3. Use the retention stages to help consumers build greener habits 

We can also go a step further by using AI to collaborate with customers as they engage with your products and services and help them refine their own consumption habits.

A great example of this is in energy and utilities, where providers are using AI to gain customer insight. Through these “behind the meter” services, providers can analyze each customer’s energy consumption and feed that analysis back to the consumer – for example by showing them when they use the most electricity. This insight gives the consumer more control over the way they consume energy moving forward, for example by changing how they set their thermostats. These sorts of thought out features can have the potential to reduce companies’ scope three downstream emission levels.

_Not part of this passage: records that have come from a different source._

(* Let $f:\mathbb{R}^k\to\mathbb{R}$ be a $C^1$ function and fix a constant $0<\alpha<1$. Let $\{x_n\}_{n\ge 0}$ be a sequence in $\mathbb{R}^k$ and $\{\delta_n\}_{n\ge 0}$ a sequence of positive numbers such that for every $n$, $x_{n+1}=x_n-\delta_n\nabla f(x_n)$ and Armijo's condition $f(x_n-\delta_n\nabla f(x_n))-f(x_n)\le -\alpha\delta_n\|\nabla f(x_n)\|^2$ holds. Assume that $\nabla f(x_n)\neq 0$ for all $n$, and that $\{x_n\}$ converges to a point $x_\infty$ which is a non-degenerate critical point of $f$, i.e. $\nabla f(x_\infty)=0$, $f$ is $C^2$ in a neighbourhood of $x_\infty$, and the Hessian $\nabla^2 f(x_\infty)$ is invertible. Then for every $\epsilon>0$ there exists $n_\epsilon$ such that for all $n\ge n_\epsilon$, $$\alpha\delta_n\le \frac12\left(\|\nabla^2 f(x_\infty)\|+\epsilon\right)\left(\|\nabla^2 f(x_\infty)^{-1}\|+\epsilon\right)^2.$$
   Context: $\|\cdot\|$ denotes the Euclidean norm on vectors and the corresponding operator norm on matrices. *)

(* R^k is modelled as row vectors 'rV[R]_k. *)
From HB Require Import structures.
From mathcomp Require Import all_boot all_order all_algebra.
From mathcomp Require Import all_classical all_reals all_analysis.
Set Implicit Arguments. Unset Strict Implicit. Unset Printing Implicit Defensive.
Import Order.TTheory GRing.Theory Num.Theory.
Import numFieldNormedType.Exports.
Local Open Scope classical_set_scope.
Local Open Scope ring_scope.

Definition enorm {R : realType} {k : nat} (v : 'rV[R]_k) : R :=
  Num.sqrt (\sum_(i < k) v ord0 i ^+ 2).

(* operator norm of a k x k matrix (acting on column vectors) w.r.t. the
   Euclidean norm *)
Definition opnorm {R : realType} {k : nat} (A : 'M[R]_k) : R :=
  sup [set r | exists v : 'rV[R]_k, enorm v <= 1 /\ r = enorm (v *m A^T)].

Definition ebasis {R : realType} {k : nat} (i : 'I_k) : 'rV[R]_k :=
  \row_j (if j == i then 1 else 0).

Definition grad {R : realType} {k : nat} (f : 'rV[R]_k -> R) (x : 'rV[R]_k)
  : 'rV[R]_k := \row_i ('D_(ebasis i) f x).

Definition hessian {R : realType} {k : nat} (f : 'rV[R]_k -> R) (x : 'rV[R]_k)
  : 'M[R]_k := \matrix_(i, j) ('D_(ebasis j) (fun y => grad f y ord0 i) x).

Definition C1 {R : realType} {k : nat} (f : 'rV[R]_k -> R) : Prop :=
  (forall x, differentiable f x) /\ continuous (grad f).

Definition C2_near {R : realType} {k : nat} (f : 'rV[R]_k -> R) (x0 : 'rV[R]_k)
  : Prop :=
  exists2 e : R, 0 < e &
    forall y, ball x0 e y ->
      differentiable f y /\ differentiable (grad f) y /\
      {for y, continuous (hessian f)}.

From HB Require Import structures.
From mathcomp Require Import all_boot all_order all_algebra.
From mathcomp Require Import all_classical all_reals all_analysis.
From mathcomp Require Import ring lra.
Import Order.TTheory GRing.Theory Num.Theory.
Import numFieldNormedType.Exports.
Local Open Scope classical_set_scope.
Local Open Scope ring_scope.

(* Write H for the Hessian at x_inf, v_n := x_n - x_inf and g_n := grad f(x_n).
   Near x_inf the gradient is H v up to o(|v|), so on one hand
   |v_n| <= (|H^-1| + eps) |g_n|, and on the other, integrating along the
   segment from x_inf, f(x_n) - f(x_inf) <= (|H| + eps)/2 |v_n|^2.  Armijo's
   condition makes f(x_n) nonincreasing, hence f(x_inf) <= f(x_(n+1)), and
   alpha delta_n |g_n|^2 <= f(x_n) - f(x_(n+1)) <= f(x_n) - f(x_inf).
   Chaining the three inequalities and dividing by |g_n|^2 gives the bound. *)

Lemma ler_absorb {R : realFieldType} (a b B eta eps : R) :
  0 <= B -> 0 < eps -> 0 <= b -> B * eta * (B + eps) <= eps ->
  a <= B * (b + eta * a) -> a <= (B + eps) * b.
Proof.
move=> B_ge0 eps_gt0 b_ge0 small a_le.
have Beta_lt1 : B * eta < 1.
  rewrite ltNge; apply/negP => Beta_ge1.
  have Beps_le : B + eps <= eps.
    by apply: le_trans small; rewrite ler_peMl // addr_ge0 // ltW.
  have B0 : B = 0 by apply/le_anti; rewrite B_ge0 andbT; lra.
  by move: Beta_ge1; rewrite B0 mul0r ler10.
have : a * (1 - B * eta) <= (B + eps) * b * (1 - B * eta) by nra.
by rewrite ler_pM2r // subr_gt0.
Qed.

Section Euclidean.
Context {R : realType} {k : nat}.
Implicit Types (u v w : 'rV[R]_k) (M : 'M[R]_k).

Definition dot u v : R := \sum_(i < k) u ord0 i * v ord0 i.

Lemma sum_sqr_ge0 u : 0 <= \sum_(i < k) u ord0 i ^+ 2.
Proof. by apply: sumr_ge0 => i _; rewrite sqr_ge0. Qed.

Lemma enorm_ge0 u : 0 <= enorm u.
Proof. exact: sqrtr_ge0. Qed.

Lemma enorm_sqr u : enorm u ^+ 2 = \sum_(i < k) u ord0 i ^+ 2.
Proof. by rewrite /enorm sqr_sqrtr // sum_sqr_ge0. Qed.

Lemma enorm_le_sqr u c :
  0 <= c -> \sum_(i < k) u ord0 i ^+ 2 <= c ^+ 2 -> enorm u <= c.
Proof. by move=> c_ge0 le_c; rewrite -(ger0_norm c_ge0) -sqrtr_sqr ler_wsqrtr. Qed.

(* Lagrange's argument: expand 0 <= sum_i (|u|^2 v_i - (u.v) u_i)^2. *)
Lemma dot_sqr_le u v : dot u v ^+ 2 <= enorm u ^+ 2 * enorm v ^+ 2.
Proof.
rewrite !enorm_sqr; set a := \sum_i _; set b := \sum_i _; set c := dot u v.
have a_ge0 : 0 <= a by exact: sum_sqr_ge0.
have expand : \sum_(i < k) (a * v ord0 i - c * u ord0 i) ^+ 2 = a * (a * b - c ^+ 2).
  rewrite (eq_bigr (fun i => a ^+ 2 * v ord0 i ^+ 2
      - (2 * a * c) * (u ord0 i * v ord0 i) + c ^+ 2 * u ord0 i ^+ 2)); last first.
    by move=> i _; ring.
  by rewrite big_split /= big_split /= sumrN -!mulr_sumr /b /c /dot -/a; ring.
have : 0 <= a * (a * b - c ^+ 2).
  by rewrite -expand; apply: sumr_ge0 => i _; rewrite sqr_ge0.
have [a_gt0 | a_lt0 | a0] := ltrgt0P a.
- by rewrite pmulr_rge0 // subr_ge0 mulrC.
- by move: a_lt0; rewrite ltNge a_ge0.
- have u0 i : u ord0 i = 0.
    apply/eqP; rewrite -sqrf_eq0; move/eqP: a0; rewrite psumr_eq0 => [/allP|j _].
      by apply; rewrite mem_index_enum.
    exact: sqr_ge0.
  have -> : c = 0 by rewrite /c /dot big1 // => i _; rewrite u0 mul0r.
  by move=> _; rewrite expr0n /= a0 mul0r.
Qed.

Lemma dot_le u v : dot u v <= enorm u * enorm v.
Proof.
apply: le_trans (ler_norm _) _.
rewrite -ler_sqr ?nnegrE ?mulr_ge0 ?enorm_ge0 // real_normK ?num_real //.
by rewrite exprMn dot_sqr_le.
Qed.

Lemma enormZ (c : R) u : enorm (c *: u) = `|c| * enorm u.
Proof.
rewrite /enorm -sqrtr_sqr -sqrtrM ?sqr_ge0 //; congr Num.sqrt.
by rewrite mulr_sumr; apply: eq_bigr => i _; rewrite mxE exprMn.
Qed.

Lemma enorm0 : enorm (0 : 'rV[R]_k) = 0.
Proof. by rewrite -(scale0r 0) enormZ normr0 mul0r. Qed.

Lemma enormN u : enorm (- u) = enorm u.
Proof. by rewrite -scaleN1r enormZ normrN normr1 mul1r. Qed.

Lemma enormD u v : enorm (u + v) <= enorm u + enorm v.
Proof.
apply: enorm_le_sqr; first by rewrite addr_ge0 ?enorm_ge0.
have -> : \sum_(i < k) (u + v) ord0 i ^+ 2
    = enorm u ^+ 2 + 2 * dot u v + enorm v ^+ 2.
  rewrite !enorm_sqr /dot mulr_sumr -!big_split /=.
  by apply: eq_bigr => i _; rewrite !mxE; ring.
rewrite sqrrD; have := dot_le u v.
by move: (dot u v) (enorm u) (enorm v) => c a b; lra.
Qed.

Lemma enormB u v : enorm (u - v) <= enorm u + enorm v.
Proof. by rewrite -(enormN v) enormD. Qed.

Lemma normr_entry_le_enorm u i : `|u ord0 i| <= enorm u.
Proof.
rewrite -(ger0_norm (enorm_ge0 u)) -ler_sqr ?nnegrE ?normr_ge0 //.
rewrite !real_normK ?num_real // enorm_sqr (bigD1 i) //= lerDl.
by apply: sumr_ge0 => j _; rewrite sqr_ge0.
Qed.

Lemma enorm_gt0 u : u != 0 -> 0 < enorm u.
Proof.
apply: contraNT; rewrite -leNgt => u_le0; apply/eqP/rowP => i; rewrite mxE.
by apply/normr0_eq0/le_anti; rewrite normr_ge0 (le_trans (normr_entry_le_enorm u i)).
Qed.

Lemma normr_le_enorm u : `|u| <= enorm u.
Proof.
rewrite [leLHS]/Num.Def.normr /= mx_normrE.
apply: bigmax_le => [|[i j] _]; first exact: enorm_ge0.
by rewrite /= (ord1 i) normr_entry_le_enorm.
Qed.

Lemma enorm_le_normr u : enorm u <= k%:R * `|u|.
Proof.
have entry_le i : `|u ord0 i| <= `|u|.
  rewrite [leRHS]/Num.Def.normr /= mx_normrE.
  exact: (le_bigmax _ (fun ij : 'I_1 * 'I_k => `|u ij.1 ij.2|) (ord0, i)).
apply: enorm_le_sqr; first by rewrite mulr_ge0 ?normr_ge0.
apply: (@le_trans _ _ (\sum_(i < k) `|u| ^+ 2)).
  apply: ler_sum => i _; rewrite -real_normK ?num_real //.
  by rewrite lerXn2r ?nnegrE ?normr_ge0.
rewrite sumr_const card_ord -[_ *+ k]mulr_natr exprMn [in leRHS]mulrC.
apply: ler_wpM2l; first exact: sqr_ge0.
rewrite -natrX ler_nat; case: (k) => // n.
by rewrite leq_pmulr.
Qed.

Lemma mul_tr_entry u M i : (u *m M^T) ord0 i = dot u (row i M).
Proof. by rewrite mxE; apply: eq_bigr => j _; rewrite !mxE. Qed.

Definition frobenius M : R := Num.sqrt (\sum_(i < k) enorm (row i M) ^+ 2).

Lemma enorm_mul_tr_le_frobenius u M : enorm (u *m M^T) <= frobenius M * enorm u.
Proof.
apply: enorm_le_sqr; first by rewrite mulr_ge0 ?enorm_ge0 ?sqrtr_ge0.
rewrite exprMn sqr_sqrtr; last by apply: sumr_ge0 => i _; rewrite sqr_ge0.
by rewrite mulr_suml; apply: ler_sum => i _; rewrite mul_tr_entry mulrC dot_sqr_le.
Qed.

Lemma opnorm_ubound M :
  has_ubound [set r | exists v : 'rV[R]_k, enorm v <= 1 /\ r = enorm (v *m M^T)].
Proof.
exists (frobenius M) => _ [v [v_le1 ->]].
apply: le_trans (enorm_mul_tr_le_frobenius v M) _.
by rewrite ler_piMr ?sqrtr_ge0.
Qed.

Lemma opnorm_ge0 M : 0 <= opnorm M.
Proof.
apply: (ub_le_sup (opnorm_ubound M)).
by exists 0; rewrite enorm0 mul0mx enorm0 ler01.
Qed.

Lemma enorm_mul_tr_le_opnorm u M : enorm (u *m M^T) <= opnorm M * enorm u.
Proof.
have [->|u_neq0] := eqVneq u 0; first by rewrite mul0mx enorm0 mulr0.
have u_gt0 : 0 < enorm u by exact: enorm_gt0.
have unit_u : enorm ((enorm u)^-1 *: u) <= 1.
  by rewrite enormZ ger0_norm ?invr_ge0 ?enorm_ge0 // mulVf ?gt_eqF.
have := ub_le_sup (opnorm_ubound M) (ex_intro _ _ (conj unit_u erefl)).
rewrite -/(opnorm M) -scalemxAl enormZ ger0_norm ?invr_ge0 ?enorm_ge0 //.
by rewrite ler_pdivrMl // mulrC.
Qed.

Lemma enorm_le_inverse M u w (eta : R) : M \in unitmx ->
  enorm (w - u *m M^T) <= eta * enorm u ->
  enorm u <= opnorm (invmx M) * (enorm w + eta * enorm u).
Proof.
move=> M_unit w_approx.
have uE : u = (w - (w - u *m M^T)) *m (invmx M)^T.
  by rewrite subKr -mulmxA -trmx_mul mulVmx // trmx1 mulmx1.
rewrite {1}uE; apply: le_trans (enorm_mul_tr_le_opnorm _ _) _.
apply: ler_wpM2l; first exact: opnorm_ge0.
by apply: le_trans (enormB _ _) _; rewrite lerD2l.
Qed.

Lemma cvg_enorm_lt (x : nat -> 'rV[R]_k) (xinf : 'rV[R]_k) (rho : R) :
  x @ \oo --> xinf -> 0 < rho ->
  exists N, forall n, (N <= n)%N -> enorm (x n - xinf) < rho.
Proof.
move=> x_cvg rho_gt0.
have rho'_gt0 : 0 < rho / (k%:R + 1) by rewrite divr_gt0 // ltr_wpDl.
have [N _ close] := (cvgrPdist_lt _ _).1 x_cvg _ rho'_gt0.
exists N => n /close; rewrite /= distrC => xn_close.
apply: le_lt_trans (enorm_le_normr _) _.
apply: (@le_lt_trans _ _ ((k%:R + 1) * `|x n - xinf|)).
  by apply: ler_wpM2r; rewrite ?normr_ge0 ?lerDl.
by rewrite mulrC -ltr_pdivlMr ?ltr_wpDl.
Qed.

End Euclidean.

Section Calculus.
Context {R : realType} {k : nat}.
Implicit Types (f : 'rV[R]_k -> R) (v y : 'rV[R]_k).

Lemma row_sum_ebasis v : v = \sum_(i < k) v ord0 i *: ebasis i.
Proof.
apply/rowP => j; rewrite summxE (bigD1 j) //= big1 ?addr0.
  by rewrite !mxE eqxx mulr1.
by move=> i ij; rewrite !mxE eq_sym (negbTE ij) mulr0.
Qed.

Lemma derive_grad_dot f y v : differentiable f y -> 'D_v f y = dot (grad f y) v.
Proof.
move=> df; rewrite deriveE // {1}(row_sum_ebasis v) linear_sum /dot.
by apply: eq_bigr => i _; rewrite linearZ /= -deriveE // /grad mxE mulrC.
Qed.

Lemma diff_grad_hessian f x0 h : differentiable (grad f) x0 ->
  'd (grad f) x0 h = h *m (hessian f x0)^T.
Proof.
move=> dG; rewrite {1}(row_sum_ebasis h) linear_sum.
apply/rowP => i; rewrite summxE mxE; apply: eq_bigr => j _.
rewrite linearZ /= -deriveE // derive_mx; last exact: diff_derivable.
by rewrite !mxE.
Qed.

(* Both sides are limits of the same difference quotient. *)
Lemma derive_line f x0 v t :
  'D_1 (fun s : R => f (s *: v + x0)) t = 'D_v f (t *: v + x0) /\
  (derivable (fun s : R => f (s *: v + x0)) t 1 <-> derivable f (t *: v + x0) v).
Proof.
have quotientE :
    (fun h : R => h^-1 *: (((fun s : R => f (s *: v + x0)) \o shift t) (h *: 1)
                           - f (t *: v + x0)))
    = (fun h : R => h^-1 *: ((f \o shift (t *: v + x0)) (h *: v) - f (t *: v + x0))).
  apply: funext => h /=; congr (_ *: (f _ - _)).
  by rewrite [h *: 1]mulr1 scalerDl addrA.
by rewrite /derive /derivable /= quotientE.
Qed.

“The consumer experience is being elevated, not just by companies bringing in AI technology, but through the collaborative process where consumers are included in decision-making. Organizations need to make AI work for customers intuitively and not force them to make compromises.”

Don’t get left behind

AI helps companies to build more sustainable customer journeys, but only when it’s used wisely. 2024 will be the year where organizations will think about scaling their AI & Gen AI initiatives. That means:

  • Envision the customer experience
    Develop a clear understanding of how you want to improve consumer experience using sustainable methods, and put those customers at the center of any conversations you have about AI implementation.
  • Harness data
    Data is the fuel that powers AI, and companies should manage it with care. This means creating a seamless data management strategy that includes accessing, cleansing and organizing data, and analyzing and addressing any gaps.
  • Start small and scale up
    Businesses need a way to design, prototype and test AI ideas continuously. Then when an idea shows potential for customer value, they need to be able to deploy it and embed it into their broader business architecture.